(* Let $E=(L^0)^{\mathbb N}$ be the $L^0$-module of all sequences $(x_n)_{n\in\mathbb N}$ in $L^0$, and let $\mathscr P=\{p_k:k\in\mathbb N\}$ with $p_k((x_n))=|x_k|$. Let $E^*_0$ be the set of $L^0$-linear maps $f:E\to L^0$ which are continuous from $(E,\mathscr T_0(\mathscr P))$ to $(L^0,\mathscr T_0(\{|\cdot|\}))$. Then a map $f:E\to L^0$ belongs to $E^*_0$ if and only if there exist $m\in\mathbb N$ and $x_1,\dots,x_m\in L^0$ such that $f((y_n))=\sum_{n=1}^m x_ny_n$ for all $(y_n)\in E$.
   Context: $L^0$ is the ring of real-valued measurable functions on a probability space modulo a.e. equality, ordered a.e.; $L^0_{++}=\{r\in L^0:r>0\text{ a.e.}\}$. For a collection $\mathscr P$ of $L^0$-seminorms (maps $p:E\to L^0_+$ with $p(rx)=|r|p(x)$, $p(x+y)\le p(x)+p(y)$) on an $L^0$-module $E$, $\mathscr T_0(\mathscr P)$ is the topology generated by the base of sets $\{y\in E:\sup_{p\in N}p(x-y)<r\}$ with $x\in E$, $N\subset\mathscr P$ finite, $r\in L^0_{++}$. On $L^0$, $\mathscr T_0(\{|\cdot|\})$ is the topology with base $\{s\in L^0:|s-t|<r\}$, $t\in L^0$, $r\in L^0_{++}$. *)

From Stdlib Require Import Reals List.
Open Scope R_scope.

Section ProbSpace.
Variable Omega : Type.

Definition is_sigma_algebra (F : (Omega -> Prop) -> Prop) : Prop :=
  F (fun _ => True) /\
  (forall A, F A -> F (fun w => ~ A w)) /\
  (forall A : nat -> Omega -> Prop, (forall n, F (A n)) -> F (fun w => exists n, A n w)).

Definition is_prob_space (F : (Omega -> Prop) -> Prop) (P : (Omega -> Prop) -> R) : Prop :=
  is_sigma_algebra F /\
  (forall A, F A -> 0 <= P A) /\
  P (fun _ => True) = 1 /\
  (forall A : nat -> Omega -> Prop,
      (forall n, F (A n)) ->
      (forall n m w, n <> m -> A n w -> A m w -> False) ->
      infinite_sum (fun n => P (A n)) (P (fun w => exists n, A n w))).

Variables (F : (Omega -> Prop) -> Prop) (P : (Omega -> Prop) -> R).

(** real-valued measurable functions (representatives of elements of L^0) *)
Definition measurable (X : Omega -> R) : Prop := forall a : R, F (fun w => X w <= a).

Definition ae (Q : Omega -> Prop) : Prop :=
  exists N, F N /\ P N = 0 /\ forall w, ~ N w -> Q w.

(** equality in L^0 (a.e. equality of representatives) *)
Definition ae_eq (X Y : Omega -> R) : Prop := ae (fun w => X w = Y w).

Definition in_E (x : nat -> Omega -> R) : Prop := forall n, measurable (x n).

Definition L0pp (r : Omega -> R) : Prop := measurable r /\ ae (fun w => 0 < r w).

Definition pk (k : nat) (x : nat -> Omega -> R) : Omega -> R := fun w => Rabs (x k w).

(** sup_{p in N} p(z) for a finite set N of indices (0 if N is empty) *)
Definition supP (N : list nat) (z : nat -> Omega -> R) : Omega -> R :=
  fun w => fold_right Rmax 0 (map (fun k => pk k z w) N).

Definition seq_sub (x y : nat -> Omega -> R) : nat -> Omega -> R :=
  fun n w => x n w - y n w.

Definition ballE (x : nat -> Omega -> R) (N : list nat) (r : Omega -> R)
  (y : nat -> Omega -> R) : Prop :=
  ae (fun w => supP N (seq_sub x y) w < r w).

Definition openE (U : (nat -> Omega -> R) -> Prop) : Prop :=
  forall y, in_E y -> U y ->
    exists x N r, in_E x /\ L0pp r /\ ballE x N r y /\
      (forall z, in_E z -> ballE x N r z -> U z).

Definition ballL (t r s : Omega -> R) : Prop :=
  ae (fun w => Rabs (s w - t w) < r w).

Definition openL (V : (Omega -> R) -> Prop) : Prop :=
  forall s, measurable s -> V s ->
    exists t r, measurable t /\ L0pp r /\ ballL t r s /\
      (forall u, measurable u -> ballL t r u -> V u).

(** f : E -> L^0 is a well-defined map (on a.e.-classes) *)
Definition is_map_E_L0 (f : (nat -> Omega -> R) -> Omega -> R) : Prop :=
  (forall x, in_E x -> measurable (f x)) /\
  (forall x y, in_E x -> in_E y -> (forall n, ae_eq (x n) (y n)) -> ae_eq (f x) (f y)).

Definition L0_linear (f : (nat -> Omega -> R) -> Omega -> R) : Prop :=
  (forall (r : Omega -> R) x, measurable r -> in_E x ->
     ae_eq (f (fun n w => r w * x n w)) (fun w => r w * f x w)) /\
  (forall x y, in_E x -> in_E y ->
     ae_eq (f (fun n w => x n w + y n w)) (fun w => f x w + f y w)).

Definition continuous_T0 (f : (nat -> Omega -> R) -> Omega -> R) : Prop :=
  forall V, openL V -> openE (fun y => V (f y)).

Definition in_Estar0 (f : (nat -> Omega -> R) -> Omega -> R) : Prop :=
  L0_linear f /\ continuous_T0 f.

Fixpoint fsum (m : nat) (g : nat -> R) : R :=
  match m with O => 0 | S m' => fsum m' g + g m' end.

End ProbSpace.

From Stdlib Require Import ZArith Reals List Lra Lia Classical FunctionalExtensionality PropExtensionality ClassicalEpsilon.
Open Scope R_scope.

(* Continuity at [0] yields a basic neighbourhood of [0] mapped into the unit ball of
   [L^0]; it restricts only the coordinates in a finite set [N].  Every multiple [c z]
   of a sequence [z] vanishing on [{0, ..., m-1}] (with [N] below [m]) lies in it, so
   [|c f z| < 1] for all [c], i.e. [f z = 0].  Linearity then gives
   [f y = sum_{n<m} f(e_n) y_n].  Conversely such a finite sum is [L^0]-linear, and
   continuous because [|sum x_n (y_n - z_n)| <= (sum |x_n|) max_{n<m} |y_n - z_n|],
   which is small on a ball of the measurable radius [(r - |f y - t|) / (1 + sum |x_n|)]. *)

Lemma inv_INR_S_pos (n : nat) : 0 < / INR (S n).
Proof. apply Rinv_0_lt_compat, lt_0_INR, Nat.lt_0_succ. Qed.

Lemma exists_inv_INR_S_lt (g : R) : 0 < g -> exists n : nat, / INR (S n) < g.
Proof.
  intros Hg. destruct (archimed_cor1 g Hg) as [N [HN HN0]].
  exists (pred N). now rewrite (Nat.succ_pred_pos N HN0).
Qed.

Lemma exists_ratio_between (x g : R) : 0 < g ->
  exists (j : nat) (z : Z), x < IZR z / INR (S j) < x + g.
Proof.
  intros Hg. destruct (exists_inv_INR_S_lt g Hg) as [j Hj].
  exists j, (up (x * INR (S j))).
  set (d := INR (S j)) in *.
  assert (Hd : 0 < d) by apply lt_0_INR, Nat.lt_0_succ.
  destruct (archimed (x * d)) as [Hup1 Hup2].
  assert (E : IZR (up (x * d)) / d = x + (IZR (up (x * d)) - x * d) / d) by (field; lra).
  rewrite E.
  assert (Hpos : 0 < (IZR (up (x * d)) - x * d) / d) by (apply Rdiv_lt_0_compat; lra).
  assert (Hle : (IZR (up (x * d)) - x * d) / d <= / d).
  { rewrite <- (Rmult_1_l (/ d)). apply Rmult_le_compat_r; [apply Rlt_le, Rinv_0_lt_compat|]; lra. }
  lra.
Qed.

Lemma eq0_of_scaled_lt1 (a : R) : (forall j : nat, Rabs (INR (S j) * a) < 1) -> a = 0.
Proof.
  intros H. destruct (Req_dec a 0) as [|Ha]; auto. exfalso.
  apply Rabs_pos_lt in Ha. destruct (exists_inv_INR_S_lt _ Ha) as [j Hj].
  specialize (H j). rewrite Rabs_mult, (Rabs_pos_eq (INR (S j))) in H by apply pos_INR.
  assert (Hd : 0 < INR (S j)) by apply lt_0_INR, Nat.lt_0_succ.
  apply Rmult_lt_compat_l with (r := INR (S j)) in Hj; auto.
  rewrite Rinv_r in Hj by lra. lra.
Qed.

Lemma pred_ext (T : Type) (A B : T -> Prop) : (forall w, A w <-> B w) -> A = B.
Proof.
  intros H; apply functional_extensionality; intro w; apply propositional_extensionality; auto.
Qed.
(* There is no finite group that has precisely two cyclic subgroups of order $6$. *)

From mathcomp Require Import all_boot all_fingroup all_solvable.
Set Implicit Arguments.
Unset Strict Implicit.
Unset Printing Implicit Defensive.

(* Suppose <[x]> and <[y]> are the only cyclic subgroups of order 6 of G.
   Conjugation by an element of one of them permutes the two and fixes that
   one, so each normalizes the other.  Hence y centralizes the involution
   t = x^3 of <[x]>, x centralizes s = y^3, and x^2 commutes with y^2, as an
   automorphism of order 3 of a group of order 3 is trivial.  Commuting
   elements of orders 3 and 2 generate a cyclic group of order 6, i.e. <[x]>
   or <[y]>.  If t = s, applying this to x^2 y^2 and t forces y into <[x]> or
   x into <[y]>; if t <> s, applying it to x^2 and t s puts a second
   involution into <[x]> or <[y]>. *)
From mathcomp Require Import all_boot all_fingroup all_solvable.

Set Implicit Arguments.
Unset Strict Implicit.
Unset Printing Implicit Defensive.

Local Open Scope group_scope.

Section CyclicFacts.

Variable gT : finGroupType.
Implicit Types (K : {group gT}) (a b c d z : gT).

Lemma mem_expg2_expg3 K z : z ^+ 2 \in K -> z ^+ 3 \in K -> z \in K.
Proof.
move=> z2K z3K; have -> : z = z ^+ 3 * (z ^+ 2)^-1 by rewrite (expgS z 2) mulgK.
by rewrite groupM ?groupV.
Qed.

Lemma cyclic_involution_uniq K c d :
  cyclic K -> c \in K -> d \in K -> #[c] = 2 -> #[d] = 2 -> c = d.
Proof.
move=> cycK Kc Kd oc od.
have /eqP eq_cd : <[c]> :==: <[d]>.
  by rewrite (eq_subG_cyclic cycK) ?cycle_subG // -!orderE oc od.
have : d \in <[c]> by rewrite eq_cd cycle_id.
rewrite cycle2g // !inE => /orP[/eqP d1 | /eqP //].
by move: od; rewrite d1 order1.
Qed.

Lemma norm_cyclic_involution_cent K (H : {set gT}) c :
  cyclic K -> c \in K -> #[c] = 2 -> H \subset 'N(K) -> H \subset 'C[c].
Proof.
move=> cycK Kc oc nKH; apply/subsetP => h Hh.
apply/cent1P/commute_sym/commgP/conjg_fixP.
apply: (cyclic_involution_uniq cycK) => //; last by rewrite orderJ.
by rewrite memJ_norm // (subsetP nKH).
Qed.

(* a ^ b is a or a ^+ 2; in the latter case b ^+ 3 = 1 would conjugate a to
   a ^+ 8 = a ^+ 2. *)
Lemma norm_cyclic_order3_commute K a b :
  cyclic K -> a \in K -> #[a] = 3 -> b \in 'N(K) -> #[b] = 3 -> commute a b.
Proof.
move=> cycK Ka oa nKb ob; apply/commgP/conjg_fixP.
have /eqP eq_aJ : <[a ^ b]> :==: <[a]>.
  by rewrite (eq_subG_cyclic cycK) ?cycle_subG ?memJ_norm // -!orderE orderJ.
have /cyclePmin[k] : a ^ b \in <[a]> by rewrite -eq_aJ cycle_id.
rewrite oa; case: k => [|[|[|//]]] _ /= aJ //.
- by move: oa; rewrite -(orderJ a b) aJ order1.
- have : a ^ (b ^+ 3) = a ^+ 8.
    rewrite (expgSr b 2) (expgSr b 1) expg1 !conjgM.
    by rewrite aJ !conjXg aJ conjXg aJ -!expgM.
  have b3 : b ^+ 3 = 1 by rewrite -ob expg_order.
  rewrite b3 conjg1 => /eqP.
  by rewrite -{1}(expg1 a) eq_expg_mod_order oa.
Qed.

End CyclicFacts.

Section TwoCyclicSubgroupsOfOrder6.

Variables (gT : finGroupType) (G : {group gT}) (x y : gT).
Hypotheses (Gx : x \in G) (Gy : y \in G) (ox : #[x] = 6) (oy : #[y] = 6).
Hypothesis neq_xy : <[x]> != <[y]>.
Hypothesis only2 :
  forall z, z \in G -> #[z] = 6 -> <[z]> = <[x]> \/ <[z]> = <[y]>.

Lemma y_notin_cycle_x : y \notin <[x]>.
Proof.
apply: contra neq_xy => xy; rewrite eq_sym eqEcard cycle_subG xy.
by rewrite -!orderE ox oy.
Qed.

Lemma x_notin_cycle_y : x \notin <[y]>.
Proof.
apply: contra neq_xy => yx; rewrite eqEcard cycle_subG yx.
by rewrite -!orderE ox oy.
Qed.

Lemma norm_cycle_y_x : <[y]> \subset 'N(<[x]>).
Proof.
rewrite norms_cycle; have Gxy : x ^ y \in G by rewrite groupJ.
have [<- | def] := only2 Gxy (etrans (orderJ x y) ox); first exact: cycle_id.
have : x ^ y \in <[y]> by rewrite -def cycle_id.
by rewrite groupJr ?cycle_id // (negPf x_notin_cycle_y).
Qed.

Lemma norm_cycle_x_y : <[x]> \subset 'N(<[y]>).
Proof.
rewrite norms_cycle; have Gyx : y ^ x \in G by rewrite groupJ.
have [def | <-] := only2 Gyx (etrans (orderJ y x) oy); last exact: cycle_id.
have : y ^ x \in <[x]> by rewrite -def cycle_id.
by rewrite groupJr ?cycle_id // (negPf y_notin_cycle_x).
Qed.

Lemma commute_order3_order2_cover a b :
  a \in G -> b \in G -> commute a b -> #[a] = 3 -> #[b] = 2 ->
  (a \in <[x]> /\ b \in <[x]>) \/ (a \in <[y]> /\ b \in <[y]>).
Proof.
move=> Ga Gb cab oa ob; have co_ab : coprime #[a] #[b] by rewrite oa ob.
have ab_a : a \in <[a * b]> by rewrite -cycle_subG cycleMsub.
have ab_b : b \in <[a * b]>.
  by rewrite cab -cycle_subG cycleMsub 1?coprime_sym //; apply: commute_sym.
have oab : #[a * b] = 6 by rewrite orderM // oa ob.
by case: (only2 (groupM Ga Gb) oab) => <-; [left | right].
Qed.

Let t := x ^+ 3.
Let s := y ^+ 3.
Let a := x ^+ 2.
Let b := y ^+ 2.

Let ot : #[t] = 2. Proof. by rewrite orderXgcd ox. Qed.
Let os : #[s] = 2. Proof. by rewrite orderXgcd oy. Qed.
Let oa : #[a] = 3. Proof. by rewrite orderXgcd ox. Qed.
Let ob : #[b] = 3. Proof. by rewrite orderXgcd oy. Qed.
Let xt : t \in <[x]>. Proof. exact: mem_cycle. Qed.
Let xa : a \in <[x]>. Proof. exact: mem_cycle. Qed.
Let yb : b \in <[y]>. Proof. exact: mem_cycle. Qed.
Let ys : s \in <[y]>. Proof. exact: mem_cycle. Qed.
Let Gt : t \in G. Proof. exact: groupX. Qed.
Let Gs : s \in G. Proof. exact: groupX. Qed.
Let Ga : a \in G. Proof. exact: groupX. Qed.
Let Gb : b \in G. Proof. exact: groupX. Qed.

Lemma shared_involution_absurd : t = s -> False.
Proof.
move=> ts; have cab : commute a b.
  apply: (norm_cyclic_order3_commute (cycle_cyclic x)) => //.
  exact: subsetP norm_cycle_y_x b yb.
have b_notin : b \notin <[x]>.
  apply: contra y_notin_cycle_x => xb.
  by apply: (mem_expg2_expg3 xb); rewrite -/s -ts.
have a_notin : a \notin <[y]>.
  apply: contra x_notin_cycle_y => ya.
  by apply: (mem_expg2_expg3 ya); rewrite -/t ts.
have oab : #[a * b] = 3.
  apply: nt_prime_order => //.
    by rewrite expgMn // -{1}oa -ob !expg_order mulg1.
  apply: contraNneq b_notin => /eqP; rewrite -eq_invg_mul => /eqP <-.
  by rewrite groupV.
have ctab : commute t (a * b).
  by apply: commuteM; [apply: commuteX2 | rewrite ts; apply: commuteX2].
have [[xab _] | [yab _]] :=
  commute_order3_order2_cover (groupM Ga Gb) Gt (commute_sym ctab) oab ot.
- by move: b_notin; rewrite -(groupMl b xa) xab.
- by move: a_notin; rewrite -(groupMr a yb) yab.
Qed.

Lemma distinct_involutions_absurd : t != s -> False.
Proof.
move=> nts; have s_notin : s \notin <[x]>.
  apply: contra nts => xs; apply/eqP.
  exact: (cyclic_involution_uniq (cycle_cyclic x)).
have t_notin : t \notin <[y]>.
  apply: contra nts => yt; apply/eqP.
  exact: (cyclic_involution_uniq (cycle_cyclic y)).
have cts : commute t s.
  apply/cent1P; rewrite cent1C.
  have cyt := norm_cyclic_involution_cent (cycle_cyclic x) xt ot norm_cycle_y_x.
  exact: subsetP cyt s ys.
have cas : commute a s.
  apply/cent1P.
  have cxs := norm_cyclic_involution_cent (cycle_cyclic y) ys os norm_cycle_x_y.
  exact: subsetP cxs a xa.
have ots : #[t * s] = 2.
  apply: nt_prime_order => //.
    by rewrite expgMn // -{1}ot -os !expg_order mulg1.
  apply: contraNneq s_notin => /eqP; rewrite -eq_invg_mul => /eqP <-.
  by rewrite groupV.
have cats : commute a (t * s) by apply: commuteM; first apply: commuteX2.
have [[_ xts] | [_ yts]] :=
  commute_order3_order2_cover Ga (groupM Gt Gs) cats oa ots.
- by move: s_notin; rewrite -(groupMl s xt) xts.
- by move: t_notin; rewrite -(groupMr t ys) yts.
Qed.

Theorem two_cycles_order6_absurd : False.
Proof.
case: (eqVneq t s); first exact: shared_involution_absurd.
exact: distinct_involutions_absurd.
Qed.

End TwoCyclicSubgroupsOfOrder6.

Theorem lemma3p1 (gT : finGroupType) (G : {group gT}) :
  #|[set H : {group gT} | [&& H \subset G, cyclic H & #|H| == 6]]| != 2.
Proof.
apply/negP => /cards2P[H1 [H2 [neqH defS]]].
have memS (H : {group gT}) :
    [&& H \subset G, cyclic H & #|H| == 6] = (H \in [set H1; H2]).
  by rewrite -defS inE.
move: (set21 H1 H2) (set22 H1 H2); rewrite -!memS.
case/and3P=> sH1G /cyclicP[x defH1] /eqP oH1.
case/and3P=> sH2G /cyclicP[y defH2] /eqP oH2.
apply: (@two_cycles_order6_absurd gT G x y).
- by rewrite -cycle_subG -defH1.
- by rewrite -cycle_subG -defH2.
- by rewrite orderE -defH1.
- by rewrite orderE -defH2.
- by rewrite -defH1 -defH2 val_eqE.
- move=> z Gz oz.
  have : <[z]>%G \in [set H1; H2].
    by rewrite -memS cycle_subG Gz cycle_cyclic -orderE oz /=.
  by rewrite !inE => /orP[] /eqP /(congr1 val) /= ->; [left | right].
Qed.
(* For every $\mu\in\mathcal M_0(\mathbb Z)$ there exists $\mathbf r_\mu\in[0,1]^{\mathbb Z}$ such that the randomized Markovian stopping time $\tau(\mathbf r_\mu)$ solves the Skorokhod embedding problem in the filtration $\mathbb F^{S,\boldsymbol\xi}$: that is, $\tau(\mathbf r_\mu)<\infty$ a.s., $S_{\tau(\mathbf r_\mu)}\sim\mu$, and the stopped process $(S_{t\wedge\tau(\mathbf r_\mu)})_{t\ge0}$ is uniformly integrable.
   Context: Time is discrete, $t\in\{0,1,2,\dots\}$. $S=(S_t)_{t\ge0}$ is a simple symmetric random walk on $\mathbb Z$ with $S_0=0$. $\mathcal M_0(\mathbb Z)$ denotes the set of probability measures on $\mathbb Z$ with finite first moment and mean zero. A stopping time $\tau$ is called uniformly integrable (UI) if the stopped process $(S_{t\wedge\tau})_{t\ge0}$ is uniformly integrable. For a filtration $\mathbb F$ (with respect to which $S$ is adapted and $S_{t+1}-S_t$ is independent of $\mathcal F_t$), $\mathrm{SEP}(\mathbb F,\mu)$ denotes the set of $\mathbb F$-stopping times $\tau$ with $S_\tau\sim\mu$ and $\tau$ UI. Randomized Markovian stopping times: for $\mathbf r=(r_x)_{x\in\mathbb Z}\in[0,1]^{\mathbb Z}$, let $\boldsymbol\xi=\{\xi_{t,x}\}_{t\ge0,x\in\mathbb Z}$ be Bernoulli random variables, mutually independent and independent of $S$, with $\mathbb P(\xi_{t,x}=0)=r_x=1-\mathbb P(\xi_{t,x}=1)$, and set $\tau(\mathbf r):=\inf\{t\ge0:\xi_{t,S_t}=0\}$. This is a stopping time for the filtration $\mathbb F^{S,\boldsymbol\xi}=(\mathcal F^{S,\boldsymbol\xi}_t)_{t\ge 0}$, $\mathcal F^{S,\boldsymbol\xi}_t:=\sigma(S_u,\xi_{u,S_u}:u\le t)$. The law of $S_{\tau(\mathbf r)}$ depends only on $\mathbf r$. *)

From Stdlib Require Import Reals ZArith.
Open Scope R_scope.

(* Symmetric partial sum  sum_{k=-N}^{N} f k  over Z. *)
Definition zpart (f : Z -> R) (N : nat) : R :=
  sum_f_R0 (fun i => f (Z.of_nat i - Z.of_nat N)%Z) (2 * N).

(* sum over Z of f equals l (symmetric partial sums converge to l) *)
Definition zsum_cv (f : Z -> R) (l : R) : Prop := Un_cv (zpart f) l.
Lemma head_pos_spec n (c : vec (S n)) : head_pos c = true <-> 0 < c Fin.F1.
Proof. unfold head_pos; destruct Rlt_dec; split; intro; auto; discriminate. Qed.
Lemma head_neg_spec n (c : vec (S n)) : head_neg c = true <-> c Fin.F1 < 0.
Proof. unfold head_neg; destruct Rlt_dec; split; intro; auto; discriminate. Qed.
Lemma head_zero_spec n (c : vec (S n)) : head_zero c = true <-> c Fin.F1 = 0.
Proof. unfold head_zero; destruct Req_EM_T; split; intro; auto; try discriminate; contradiction. Qed.

Lemma fm_elim_vtail n (L : list (vec (S n))) c :
  In c L -> c Fin.F1 = 0 -> In (vtail c) (fm_elim L).
Proof.
  intros H H0. apply in_or_app. left. apply in_map.
  apply filter_In. split; auto. apply head_zero_spec; auto.
Qed.

Lemma fm_elim_pair n (L : list (vec (S n))) p q : In p L -> 0 < p Fin.F1 ->
  In q L -> q Fin.F1 < 0 -> In (fm_pair p q) (fm_elim L).
Proof.
  intros. apply in_or_app. right. apply in_flat_map.
  exists p. split.
  - apply filter_In; split; auto. apply head_pos_spec; auto.
  - apply in_map. apply filter_In; split; auto. apply head_neg_spec; auto.
Qed.

Lemma in_fm_elim n (L : list (vec (S n))) c' : In c' (fm_elim L) ->
  (exists c, In c L /\ c Fin.F1 = 0 /\ c' = vtail c) \/
  (exists p q, In p L /\ 0 < p Fin.F1 /\ In q L /\ q Fin.F1 < 0 /\ c' = fm_pair p q).
Proof.
  intro H. apply in_app_or in H as [H|H].
  - left. apply in_map_iff in H as [c [E Hc]]. apply filter_In in Hc as [Hc Hz].
    apply head_zero_spec in Hz. eauto.
  - right. apply in_flat_map in H as [p [Hp Hq]]. apply in_map_iff in Hq as [q [E Hq]].
    apply filter_In in Hp as [Hp Hp']. apply filter_In in Hq as [Hq Hq'].
    apply head_pos_spec in Hp'. apply head_neg_spec in Hq'. exists p, q; auto 10.
Qed.

Lemma dot_fm_pair n (p q : vec (S n)) v :
  dot (fm_pair p q) v = p Fin.F1 * dot (vtail q) v - q Fin.F1 * dot (vtail p) v.
Proof.
  unfold dot, fm_pair, vtail.
  rewrite (vsum_ext _ _ (fun i => p Fin.F1 * (q (Fin.FS i) * v i)
                                   + (- q Fin.F1) * (p (Fin.FS i) * v i))) by (intro; ring).
  rewrite vsum_add, !vsum_scal. ring.
Qed.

--

▸ **Aim of the task**: Return exactly the leading lines of the listing, stopping after the line in which "(** equality in" occurs.

▸ **Solved problem**:
(* Let $E=(L^0)^{\mathbb N}$ be the $L^0$-module of all sequences $(x_n)_{n\in\mathbb N}$ in $L^0$, and let $\mathscr P=\{p_k:k\in\mathbb N\}$ with $p_k((x_n))=|x_k|$. Let $E^*_0$ be the set of $L^0$-linear maps $f:E\to L^0$ which are continuous from $(E,\mathscr T_0(\mathscr P))$ to $(L^0,\mathscr T_0(\{|\cdot|\}))$. Then a map $f:E\to L^0$ belongs to $E^*_0$ if and only if there exist $m\in\mathbb N$ and $x_1,\dots,x_m\in L^0$ such that $f((y_n))=\sum_{n=1}^m x_ny_n$ for all $(y_n)\in E$.
   Context: $L^0$ is the ring of real-valued measurable functions on a probability space modulo a.e. equality, ordered a.e.; $L^0_{++}=\{r\in L^0:r>0\text{ a.e.}\}$. For a collection $\mathscr P$ of $L^0$-seminorms (maps $p:E\to L^0_+$ with $p(rx)=|r|p(x)$, $p(x+y)\le p(x)+p(y)$) on an $L^0$-module $E$, $\mathscr T_0(\mathscr P)$ is the topology generated by the base of sets $\{y\in E:\sup_{p\in N}p(x-y)<r\}$ with $x\in E$, $N\subset\mathscr P$ finite, $r\in L^0_{++}$. On $L^0$, $\mathscr T_0(\{|\cdot|\})$ is the topology with base $\{s\in L^0:|s-t|<r\}$, $t\in L^0$, $r\in L^0_{++}$. *)

From Stdlib Require Import Reals List.
Open Scope R_scope.

Section ProbSpace.
Variable Omega : Type.

Definition is_sigma_algebra (F : (Omega -> Prop) -> Prop) : Prop :=
  F (fun _ => True) /\
  (forall A, F A -> F (fun w => ~ A w)) /\
  (forall A : nat -> Omega -> Prop, (forall n, F (A n)) -> F (fun w => exists n, A n w)).

Definition is_prob_space (F : (Omega -> Prop) -> Prop) (P : (Omega -> Prop) -> R) : Prop :=
  is_sigma_algebra F /\
  (forall A, F A -> 0 <= P A) /\
  P (fun _ => True) = 1 /\
  (forall A : nat -> Omega -> Prop,
      (forall n, F (A n)) ->
      (forall n m w, n <> m -> A n w -> A m w -> False) ->
      infinite_sum (fun n => P (A n)) (P (fun w => exists n, A n w))).

Variables (F : (Omega -> Prop) -> Prop) (P : (Omega -> Prop) -> R).

(** real-valued measurable functions (representatives of elements of L^0) *)
Definition measurable (X : Omega -> R) : Prop := forall a : R, F (fun w => X w <= a).

Definition ae (Q : Omega -> Prop) : Prop :=
  exists N, F N /\ P N = 0 /\ forall w, ~ N w -> Q w.

(** equality in L^0 (a.e. equality of representatives) *)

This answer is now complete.